Fetching traces from MLflow is straightforward. Just set up the MLflow client and use one of its functions to fetch the data. We'll fetch the traces and evaluate them. After that, we'll add our scores back into MLflow.

The `search_traces()` function has arguments to filter the traces by tags, timestamps, and beyond. You can find more about other methods to [query traces](https://mlflow.org/docs/latest/python_api/mlflow.client.html#mlflow.client.MlflowClient.search_traces) in the docs.

In this example, we'll fetch all traces from the experiment.

In [None]:
client = mlflow.client.MlflowClient()
traces = client.search_traces(experiment_ids=[experiment_id])

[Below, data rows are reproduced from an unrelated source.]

Lemma subtree_excess_gt0 lam mu eps j :
  eps < subtree_ratio lam mu B j -> 0 < subtree_excess lam mu eps (inr j).
Proof.
move=> lt_ratio.
have [p hp] := root_path_exists (inr j).
have subtreeS_gt0 : (0 < #|subtreeS B j|)%N.
  apply/card_gt0P; exists j; rewrite inE.
  by change (subtree (inr j) (inr j)); rewrite (subtreeE _ hp) mem_head.
have eS (F : 'I_nJ -> R) :
    \sum_(l | subtree (inr j) (inr l)) F l = \sum_(l in subtreeS B j) F l.
  by apply: eq_bigl => l; rewrite inE.
have eC : \sum_(k | subtree (inr j) (inl k)) lam k = \sum_(k in subtreeC B j) lam k.
  by apply: eq_bigl => k; rewrite inE.
rewrite /subtree_excess sumrB !eS eC sumr_const -mulr_natr.
by move: lt_ratio; rewrite /subtree_ratio ltr_pdivlMr ?ltr0n //; lra.
Qed.

End BasisForest.

Lemma nondeg_feasible_basis_gt0 (R : realFieldType) (nI nJ : nat)
    (L : {set 'I_nI * 'I_nJ}) (lam : 'I_nI -> R) (mu : 'I_nJ -> R) (eps : R) (B : {set var nI nJ}) z v :
  nondeg_feasible_basis L lam mu eps B -> basic_solution lam mu eps B z -> v \in B -> 0 < z v.
Proof. by case=> [[_ feas] nd] hz vB; rewrite lt0r nd // feas. Qed.

Lemma gt0_nondeg_feasible_basis (R : realFieldType) (nI nJ : nat)
    (L : {set 'I_nI * 'I_nJ}) (lam : 'I_nI -> R) (mu : 'I_nJ -> R) (eps : R) (B : {set var nI nJ}) :
  is_basis R L B -> (forall z, basic_solution lam mu eps B z -> forall v, v \in B -> 0 < z v) ->
  nondeg_feasible_basis L lam mu eps B.
Proof.
move=> hB pos; split; last by move=> z hz v vB; rewrite gt_eqF ?pos.
split=> // z hz v; case vB: (v \in B); first exact/ltW/pos.
by rewrite hz.1 ?vB.
Qed.

Theorem lemma3 (R : realFieldType) (nI nJ : nat) (L : {set 'I_nI * 'I_nJ})
  (lam : 'I_nI -> R) (mu : 'I_nJ -> R) (theta : 'I_nI * 'I_nJ -> R)
  (B : {set var nI nJ}) (eps : R) :
  (forall i, 0 < lam i) -> (forall j, 0 < mu j) ->
  (forall e, e \in L -> 0 <= theta e) ->
  nondeg_feasible_basis L lam mu 0 B ->
  0 <= eps ->
  (forall j : 'I_nJ, eps < subtree_ratio lam mu B j) ->
  nondeg_feasible_basis L lam mu eps B.
Proof.
move=> _ _ _ nd0 eps0 lt_ratio; have [[[_ basisB] _] _] := nd0.
apply: gt0_nondeg_feasible_basis => [|z hz v vB]; first by case: nd0 => -[].
have [z0 sz0 hz0] := supported_solution_exists basisB (rhs lam mu 0).
have basic_z0 : basic_solution lam mu 0 B z0 by split.
have [u [pu hu hv]] := basic_var_parent basisB vB.
have := parent_var_value basisB hz hu hv; have := parent_var_value basisB basic_z0 hu hv.
case: u {hu hv} => [i | j] /= val0 val.
  have := nondeg_feasible_basis_gt0 nd0 basic_z0 vB.
  have := subtree_excess_le B lam mu (inl i) eps0; lra.
by rewrite mul1r in val; rewrite val subtree_excess_gt0.
Qed.
Lemma lift_multiplicity (UA : set (set G)) Ke K' e n p :
  e `<=` entK Ke -> setM (setM K0 Ke) K0 `<=` K' ->
  (forall a, A a ->
     [set V | UA V /\ V `&` cball (entK K' `&` (A `*` A)) a !=set0] #<= `I_n) ->
  [set V | (exists2 f, (forall i, UA (f i)) & lift f = V) /\
           V `&` cball (e `&` (setT `*` setT)) p !=set0] #<= `I_n.
Proof.
move=> eKe KK' multA; apply: card_le_of_fset => B BS.
have fqP V : exists fq : (I -> set G) * G, V \in B ->
    [/\ forall i, UA (fq.1 i), lift fq.1 = V, V fq.2 & e (p, fq.2)].
  have [VB|NVB] := boolP (V \in B); last by exists (fun=> set0, p).
  have [[f fUA <-] [q [fq [epq _]]]] := BS V VB.
  by exists (f, q).
have [fq {}fqP] := boolp.choice fqP.
pose f V := (fq V).1; pose q V := (fq V).2.
have f_ae_neq V W : V \in B -> W \in B -> V != W -> U [set i | f V i != f W i].
  move=> VB WB; apply: contraNP => NU.
  have [/lift_eq|Uneq] := in_ultra_setVsetC [set i | f V i = f W i] U_ultra.
    by have [_ -> _ _] := fqP V VB; have [_ -> _ _] := fqP W WB => ->.
  by exfalso; apply: NU; apply: filterS Uneq => i /= /eqP.
have [i [[Arp xprp] ae]] : exists i, retracts (mul (x i) p) /\
  forall V, V \in B ->
    (retracts (mul (x i) (q V)) /\ f V i (r (mul (x i) (q V)))) /\
    forall W, W \in B -> V != W -> f V i != f W i.
  apply: (@filter_ex _ U).
  apply: filterI (retracts_ae p) (filter_forall_fset _) => V VB.
  have [_ fqV qV _] := fqP V VB.
  apply: filterI (filterI (retracts_ae (q V)) _) (filter_forall_fset _).
    by move: qV; rewrite -{1}fqV.
  move=> W WB; have [<-|VW] := eqVneq V W; first by apply: filterS filterT.
  by apply: filterS (f_ae_neq V W VB WB VW).
apply: (card_fset_le_inj (g := f^~ i) (multA _ Arp)).
  move=> V W VB WB fVW; apply/eqP; apply: contraT => VW.
  by have := (ae V VB).2 W WB VW; rewrite fVW eqxx.
move=> V VB; have [[[Arq xqrq] fVi] _] := ae V VB.
have [fUA _ _ epq] := fqP V VB.
split; first exact: fUA.
exists (r (mul (x i) (q V))); split=> //; split; last by split.
apply: entKS KK' _ _; apply: entK_trans (entK_sym K0inv xprp) _.
apply: entK_trans _ xqrq; apply/entK_mul2l; exact: eKe.
Qed.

## Generate evaluations with TLM

Instead of running TLM individually on each trace, we'll provide all of the prompt, response pairs in a list to TLM in a single call. This is more efficient and allows us to get scores and explanations for all of the traces at once. Then, using the `request.id`, we can attach the scores and explanations back to the correct trace in MLflow.



In [8]:
from cleanlab_tlm import TLM

tlm = TLM(options={"log": ["explanation"]})

In [9]:
# This helper method will extract the prompt and response from each trace and return three lists: request ID's, prompts, and responses.
def get_prompt_response_pairs(traces):
    prompts = []
    responses = []
    for trace in traces:
        # Parse request and response JSON
        request_data = json.loads(trace.data.request)
        response_data = json.loads(trace.data.response)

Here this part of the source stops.